• [TASK INSTRUCTIONS] Filter the records below and copy every line containing the word "apply".

(DATASET RECORDS begins)

Lemma Rsum_scal (I : Type) (s : seq I) (a : R) (F : I -> R) :
  Rsum [seq a * F x | x <- s] = a * Rsum (map F s).
Proof. by elim: s => [|b s IH] /=; rewrite ?IH; ring. Qed.

Lemma Rsum_div (I : Type) (s : seq I) (F : I -> R) (c : R) :
  Rsum [seq F x / c | x <- s] = Rsum (map F s) / c.
Proof. by elim: s => [|b s IH] /=; rewrite ?IH /Rdiv; ring. Qed.

Lemma Rsum_sub (I : Type) (s : seq I) (F G : I -> R) :
  Rsum [seq F x - G x | x <- s] = Rsum (map F s) - Rsum (map G s).
Proof. by elim: s => [|b s IH] /=; rewrite ?IH; ring. Qed.

Lemma Rsum_le_in (I : eqType) (s : seq I) (F G : I -> R) :
  {in s, forall x, F x <= G x} -> Rsum (map F s) <= Rsum (map G s).
Proof.
elim: s => [|a s IH] /= H; first lra.
have := H a (mem_head a s); have := IH (fun x xs => H x (@mem_behead _ (a :: s) x xs)).
lra.
Qed.

Lemma Rsum_le (I : eqType) (s : seq I) (F G : I -> R) :
  (forall x, F x <= G x) -> Rsum (map F s) <= Rsum (map G s).
Proof. by move=> H; apply: Rsum_le_in => x _. Qed.

Lemma Rsum_ge0 (I : Type) (s : seq I) (F : I -> R) :
  (forall x, 0 <= F x) -> 0 <= Rsum (map F s).
Proof. by move=> H; elim: s => [|a s IH] /=; [lra | have := H a; lra]. Qed.

Lemma Rsum_ge_term (I : eqType) (s : seq I) (F : I -> R) (x : I) :
  (forall x, 0 <= F x) -> x \in s -> F x <= Rsum (map F s).
Proof.
move=> H; elim: s => [|a s IH] //=; rewrite in_cons => /orP[/eqP->|xs].
  by have := Rsum_ge0 s H; lra.
by have := IH xs; have := H a; lra.
Qed.

Lemma Rinv_INR_ge0 (n : nat) : 0 <= / INR n.
Proof.
case: n => [|n]; first by rewrite Rinv_0; lra.
by apply/Rlt_le/Rinv_0_lt_compat/lt_0_INR; lia.
Qed.

Lemma ln_le_sub1 (t : R) : 0 < t -> ln t <= t - 1.
Proof. by move=> t0; have := exp_ineq1_le (ln t); rewrite exp_ln //; lra. Qed.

(DATASET RECORDS ends)

• [EXPECTED ANSWER]
Proof. by move=> H; apply: Rsum_le_in => x _. Qed.
by apply/Rlt_le/Rinv_0_lt_compat/lt_0_INR; lia.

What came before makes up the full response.